INSTRUCTIONS FOR THE TASK — Keep every line of the data below that has the string "only" and present those lines.

================

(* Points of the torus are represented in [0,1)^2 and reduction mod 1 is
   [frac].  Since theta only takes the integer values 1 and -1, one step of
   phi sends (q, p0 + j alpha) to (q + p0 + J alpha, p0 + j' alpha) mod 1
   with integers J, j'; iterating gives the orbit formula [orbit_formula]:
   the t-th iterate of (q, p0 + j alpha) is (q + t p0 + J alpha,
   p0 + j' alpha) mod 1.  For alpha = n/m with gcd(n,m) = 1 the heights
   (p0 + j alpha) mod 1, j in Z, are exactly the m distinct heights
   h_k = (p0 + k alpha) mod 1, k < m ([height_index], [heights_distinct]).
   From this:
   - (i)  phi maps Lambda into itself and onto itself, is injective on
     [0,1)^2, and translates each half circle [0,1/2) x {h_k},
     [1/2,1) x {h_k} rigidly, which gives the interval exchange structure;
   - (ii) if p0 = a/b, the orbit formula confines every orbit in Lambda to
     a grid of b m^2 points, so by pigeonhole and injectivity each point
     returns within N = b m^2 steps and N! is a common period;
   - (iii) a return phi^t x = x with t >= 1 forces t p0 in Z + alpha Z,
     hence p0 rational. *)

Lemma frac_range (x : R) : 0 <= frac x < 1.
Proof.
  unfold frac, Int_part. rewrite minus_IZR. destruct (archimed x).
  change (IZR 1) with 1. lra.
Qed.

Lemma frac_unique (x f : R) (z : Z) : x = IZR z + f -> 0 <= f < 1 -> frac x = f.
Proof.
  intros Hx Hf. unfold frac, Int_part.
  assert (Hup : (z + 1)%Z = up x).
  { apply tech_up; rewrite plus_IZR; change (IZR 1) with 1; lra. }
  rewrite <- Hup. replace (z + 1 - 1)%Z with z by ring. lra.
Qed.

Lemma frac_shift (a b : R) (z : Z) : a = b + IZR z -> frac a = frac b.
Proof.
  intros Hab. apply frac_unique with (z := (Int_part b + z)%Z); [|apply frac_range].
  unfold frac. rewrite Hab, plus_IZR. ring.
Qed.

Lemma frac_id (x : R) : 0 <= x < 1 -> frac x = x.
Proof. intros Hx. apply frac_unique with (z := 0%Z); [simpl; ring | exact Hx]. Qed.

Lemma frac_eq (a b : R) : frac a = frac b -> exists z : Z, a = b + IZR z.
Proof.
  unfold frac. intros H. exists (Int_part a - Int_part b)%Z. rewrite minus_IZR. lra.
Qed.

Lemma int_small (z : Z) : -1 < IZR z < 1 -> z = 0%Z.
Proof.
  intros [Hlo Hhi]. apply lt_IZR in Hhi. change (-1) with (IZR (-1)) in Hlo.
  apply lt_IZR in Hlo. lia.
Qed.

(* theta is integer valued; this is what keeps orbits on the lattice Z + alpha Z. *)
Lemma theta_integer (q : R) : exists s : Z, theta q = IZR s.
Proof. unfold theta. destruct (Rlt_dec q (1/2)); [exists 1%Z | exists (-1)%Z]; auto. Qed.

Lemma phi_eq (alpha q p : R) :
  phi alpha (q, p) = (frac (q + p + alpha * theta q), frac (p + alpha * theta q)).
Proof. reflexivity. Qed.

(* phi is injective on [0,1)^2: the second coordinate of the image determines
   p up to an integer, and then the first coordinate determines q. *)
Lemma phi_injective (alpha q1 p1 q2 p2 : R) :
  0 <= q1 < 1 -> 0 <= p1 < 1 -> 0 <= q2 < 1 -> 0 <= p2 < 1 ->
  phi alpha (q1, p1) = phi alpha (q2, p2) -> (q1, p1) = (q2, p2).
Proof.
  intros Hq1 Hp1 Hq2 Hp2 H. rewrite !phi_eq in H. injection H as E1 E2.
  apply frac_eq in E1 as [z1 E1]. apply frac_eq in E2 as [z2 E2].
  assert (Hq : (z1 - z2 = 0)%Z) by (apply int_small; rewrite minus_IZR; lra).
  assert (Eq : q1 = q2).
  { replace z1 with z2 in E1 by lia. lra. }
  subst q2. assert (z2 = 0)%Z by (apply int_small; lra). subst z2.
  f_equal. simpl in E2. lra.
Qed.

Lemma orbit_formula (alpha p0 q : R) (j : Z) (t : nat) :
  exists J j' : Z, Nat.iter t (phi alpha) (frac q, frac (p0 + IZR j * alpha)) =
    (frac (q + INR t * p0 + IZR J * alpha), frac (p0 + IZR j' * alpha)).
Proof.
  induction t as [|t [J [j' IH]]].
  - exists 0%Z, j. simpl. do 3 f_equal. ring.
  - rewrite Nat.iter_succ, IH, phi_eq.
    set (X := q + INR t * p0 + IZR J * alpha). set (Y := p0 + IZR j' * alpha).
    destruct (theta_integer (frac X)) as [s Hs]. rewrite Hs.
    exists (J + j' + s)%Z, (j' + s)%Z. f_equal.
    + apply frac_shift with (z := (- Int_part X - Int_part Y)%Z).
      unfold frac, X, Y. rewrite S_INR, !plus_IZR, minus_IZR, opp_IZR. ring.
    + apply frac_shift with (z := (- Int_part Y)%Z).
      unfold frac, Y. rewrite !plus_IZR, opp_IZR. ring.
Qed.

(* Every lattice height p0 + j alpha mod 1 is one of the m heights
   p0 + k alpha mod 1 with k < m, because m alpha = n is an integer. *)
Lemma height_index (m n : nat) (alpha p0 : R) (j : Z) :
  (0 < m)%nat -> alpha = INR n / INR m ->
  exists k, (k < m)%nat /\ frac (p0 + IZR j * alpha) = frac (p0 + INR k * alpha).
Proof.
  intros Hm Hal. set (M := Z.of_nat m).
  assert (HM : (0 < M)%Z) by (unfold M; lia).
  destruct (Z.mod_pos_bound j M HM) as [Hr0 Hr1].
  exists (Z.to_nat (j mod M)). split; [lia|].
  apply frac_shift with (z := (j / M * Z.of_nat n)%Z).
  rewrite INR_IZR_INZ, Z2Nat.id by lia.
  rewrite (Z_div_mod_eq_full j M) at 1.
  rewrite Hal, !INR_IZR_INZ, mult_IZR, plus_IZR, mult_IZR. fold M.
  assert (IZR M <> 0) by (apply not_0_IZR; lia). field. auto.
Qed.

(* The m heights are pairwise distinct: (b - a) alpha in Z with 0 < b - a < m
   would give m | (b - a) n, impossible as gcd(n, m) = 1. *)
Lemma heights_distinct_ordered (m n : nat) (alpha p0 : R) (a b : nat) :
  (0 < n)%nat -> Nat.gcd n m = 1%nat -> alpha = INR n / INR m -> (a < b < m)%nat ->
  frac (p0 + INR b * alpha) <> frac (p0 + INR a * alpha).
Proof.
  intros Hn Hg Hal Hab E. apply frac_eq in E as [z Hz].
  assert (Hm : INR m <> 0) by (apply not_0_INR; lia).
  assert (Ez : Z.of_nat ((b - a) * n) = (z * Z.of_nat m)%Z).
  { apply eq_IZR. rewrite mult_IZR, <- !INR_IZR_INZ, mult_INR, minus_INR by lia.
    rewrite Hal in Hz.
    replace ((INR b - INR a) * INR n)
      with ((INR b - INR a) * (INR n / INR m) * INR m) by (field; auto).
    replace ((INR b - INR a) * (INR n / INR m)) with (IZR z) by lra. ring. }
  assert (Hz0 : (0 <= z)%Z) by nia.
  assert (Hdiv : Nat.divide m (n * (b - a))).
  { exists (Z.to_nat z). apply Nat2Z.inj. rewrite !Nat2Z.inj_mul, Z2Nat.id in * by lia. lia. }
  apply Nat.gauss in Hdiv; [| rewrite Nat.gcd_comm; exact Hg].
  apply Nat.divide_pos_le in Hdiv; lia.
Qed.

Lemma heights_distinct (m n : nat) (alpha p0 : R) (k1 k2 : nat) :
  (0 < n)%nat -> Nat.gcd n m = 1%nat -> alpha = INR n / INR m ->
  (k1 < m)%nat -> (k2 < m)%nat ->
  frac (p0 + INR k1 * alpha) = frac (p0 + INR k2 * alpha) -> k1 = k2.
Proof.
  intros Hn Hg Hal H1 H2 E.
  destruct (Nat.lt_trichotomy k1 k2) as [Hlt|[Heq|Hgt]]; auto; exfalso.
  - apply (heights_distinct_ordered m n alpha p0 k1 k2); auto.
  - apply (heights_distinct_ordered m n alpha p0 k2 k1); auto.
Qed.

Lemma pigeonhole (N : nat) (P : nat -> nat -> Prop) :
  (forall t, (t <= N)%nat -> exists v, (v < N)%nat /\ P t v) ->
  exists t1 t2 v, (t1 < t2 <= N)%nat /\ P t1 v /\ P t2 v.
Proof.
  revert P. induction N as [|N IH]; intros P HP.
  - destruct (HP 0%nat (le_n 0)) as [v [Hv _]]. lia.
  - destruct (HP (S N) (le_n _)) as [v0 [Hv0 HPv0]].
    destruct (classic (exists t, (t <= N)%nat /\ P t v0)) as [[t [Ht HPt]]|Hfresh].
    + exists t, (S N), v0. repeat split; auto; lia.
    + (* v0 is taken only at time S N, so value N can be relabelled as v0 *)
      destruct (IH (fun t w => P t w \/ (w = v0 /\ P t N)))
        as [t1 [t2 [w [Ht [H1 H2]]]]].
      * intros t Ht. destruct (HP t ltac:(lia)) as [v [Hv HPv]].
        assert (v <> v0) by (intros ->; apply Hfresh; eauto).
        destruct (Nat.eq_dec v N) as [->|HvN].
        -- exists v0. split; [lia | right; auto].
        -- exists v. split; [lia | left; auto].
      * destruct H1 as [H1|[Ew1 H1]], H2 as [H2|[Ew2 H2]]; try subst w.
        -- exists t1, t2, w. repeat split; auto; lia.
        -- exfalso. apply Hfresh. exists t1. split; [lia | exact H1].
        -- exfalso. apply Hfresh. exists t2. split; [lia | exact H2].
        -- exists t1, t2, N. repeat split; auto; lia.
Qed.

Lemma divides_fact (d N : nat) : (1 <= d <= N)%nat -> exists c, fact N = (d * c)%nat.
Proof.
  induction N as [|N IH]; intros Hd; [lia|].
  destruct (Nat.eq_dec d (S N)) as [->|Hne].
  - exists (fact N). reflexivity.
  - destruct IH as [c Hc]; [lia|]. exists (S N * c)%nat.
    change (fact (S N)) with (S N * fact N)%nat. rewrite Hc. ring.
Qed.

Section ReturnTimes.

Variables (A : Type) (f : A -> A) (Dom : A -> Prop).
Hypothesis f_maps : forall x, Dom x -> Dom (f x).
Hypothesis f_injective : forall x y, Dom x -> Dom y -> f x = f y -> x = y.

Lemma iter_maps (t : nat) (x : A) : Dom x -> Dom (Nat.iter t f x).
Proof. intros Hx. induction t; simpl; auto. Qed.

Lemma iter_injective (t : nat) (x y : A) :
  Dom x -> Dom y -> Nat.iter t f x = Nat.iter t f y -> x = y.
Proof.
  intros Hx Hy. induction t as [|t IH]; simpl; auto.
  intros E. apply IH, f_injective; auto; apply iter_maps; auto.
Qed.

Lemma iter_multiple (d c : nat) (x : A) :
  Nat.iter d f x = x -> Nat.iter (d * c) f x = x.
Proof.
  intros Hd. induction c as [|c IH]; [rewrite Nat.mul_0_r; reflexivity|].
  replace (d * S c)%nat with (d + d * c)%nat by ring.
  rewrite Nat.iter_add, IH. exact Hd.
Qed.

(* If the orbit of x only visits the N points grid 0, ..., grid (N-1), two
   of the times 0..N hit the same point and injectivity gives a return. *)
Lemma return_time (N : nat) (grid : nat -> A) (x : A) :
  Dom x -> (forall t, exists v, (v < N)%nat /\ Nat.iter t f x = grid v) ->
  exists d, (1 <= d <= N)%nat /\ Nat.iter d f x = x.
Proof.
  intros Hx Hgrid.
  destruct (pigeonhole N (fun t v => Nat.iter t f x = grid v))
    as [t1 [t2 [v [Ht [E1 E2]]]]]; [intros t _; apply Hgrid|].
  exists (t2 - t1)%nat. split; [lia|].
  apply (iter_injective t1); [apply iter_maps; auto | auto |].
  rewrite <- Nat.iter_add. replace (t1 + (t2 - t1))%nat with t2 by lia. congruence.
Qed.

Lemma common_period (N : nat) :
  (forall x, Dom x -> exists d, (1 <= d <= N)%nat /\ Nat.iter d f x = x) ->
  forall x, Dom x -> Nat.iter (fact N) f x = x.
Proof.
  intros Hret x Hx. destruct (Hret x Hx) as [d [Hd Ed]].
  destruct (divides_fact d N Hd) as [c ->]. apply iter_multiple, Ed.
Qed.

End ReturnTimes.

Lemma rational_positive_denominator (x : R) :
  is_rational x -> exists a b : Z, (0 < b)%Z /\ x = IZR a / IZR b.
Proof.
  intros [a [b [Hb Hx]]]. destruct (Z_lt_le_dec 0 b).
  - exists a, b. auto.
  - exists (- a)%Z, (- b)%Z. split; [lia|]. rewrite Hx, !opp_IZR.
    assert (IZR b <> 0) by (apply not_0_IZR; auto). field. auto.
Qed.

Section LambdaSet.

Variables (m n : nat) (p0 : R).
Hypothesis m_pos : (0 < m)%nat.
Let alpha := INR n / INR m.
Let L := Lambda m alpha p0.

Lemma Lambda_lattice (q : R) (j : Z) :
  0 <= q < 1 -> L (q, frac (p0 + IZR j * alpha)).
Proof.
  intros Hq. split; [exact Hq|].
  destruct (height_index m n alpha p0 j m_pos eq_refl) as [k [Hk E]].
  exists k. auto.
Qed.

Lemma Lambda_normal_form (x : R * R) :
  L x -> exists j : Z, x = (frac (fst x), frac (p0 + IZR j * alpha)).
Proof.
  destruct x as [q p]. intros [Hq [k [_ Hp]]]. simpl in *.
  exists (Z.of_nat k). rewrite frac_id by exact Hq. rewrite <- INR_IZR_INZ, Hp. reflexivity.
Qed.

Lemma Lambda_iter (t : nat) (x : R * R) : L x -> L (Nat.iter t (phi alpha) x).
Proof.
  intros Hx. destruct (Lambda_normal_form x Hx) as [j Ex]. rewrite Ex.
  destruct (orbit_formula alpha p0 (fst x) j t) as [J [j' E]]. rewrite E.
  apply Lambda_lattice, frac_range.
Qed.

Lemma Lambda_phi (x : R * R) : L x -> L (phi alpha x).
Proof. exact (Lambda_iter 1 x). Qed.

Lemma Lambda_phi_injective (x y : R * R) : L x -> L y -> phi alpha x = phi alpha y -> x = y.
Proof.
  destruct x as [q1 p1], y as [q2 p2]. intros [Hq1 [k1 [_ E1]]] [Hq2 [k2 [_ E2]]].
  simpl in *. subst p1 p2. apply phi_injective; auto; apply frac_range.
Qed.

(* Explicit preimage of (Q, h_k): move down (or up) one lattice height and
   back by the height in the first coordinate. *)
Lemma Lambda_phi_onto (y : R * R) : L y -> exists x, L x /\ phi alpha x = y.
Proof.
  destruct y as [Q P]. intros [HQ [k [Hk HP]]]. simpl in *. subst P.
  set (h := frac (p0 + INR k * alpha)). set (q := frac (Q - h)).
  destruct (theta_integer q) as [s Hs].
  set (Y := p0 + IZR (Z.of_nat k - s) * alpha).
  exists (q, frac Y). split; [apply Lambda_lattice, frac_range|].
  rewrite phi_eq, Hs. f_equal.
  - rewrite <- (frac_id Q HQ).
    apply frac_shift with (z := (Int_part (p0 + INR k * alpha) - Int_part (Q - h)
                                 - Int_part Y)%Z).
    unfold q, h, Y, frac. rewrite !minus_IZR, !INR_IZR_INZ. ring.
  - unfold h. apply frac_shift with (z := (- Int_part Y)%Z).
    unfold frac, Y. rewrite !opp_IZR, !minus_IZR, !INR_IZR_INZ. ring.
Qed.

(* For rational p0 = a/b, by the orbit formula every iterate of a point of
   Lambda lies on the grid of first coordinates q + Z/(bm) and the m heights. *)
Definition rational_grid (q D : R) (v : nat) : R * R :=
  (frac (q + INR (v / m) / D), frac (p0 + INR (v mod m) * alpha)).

================

EXERCISE ANSWER —
   [frac].  Since theta only takes the integer values 1 and -1, one step of
    + (* v0 is taken only at time S N, so value N can be relabelled as v0 *)
(* If the orbit of x only visits the N points grid 0, ..., grid (N-1), two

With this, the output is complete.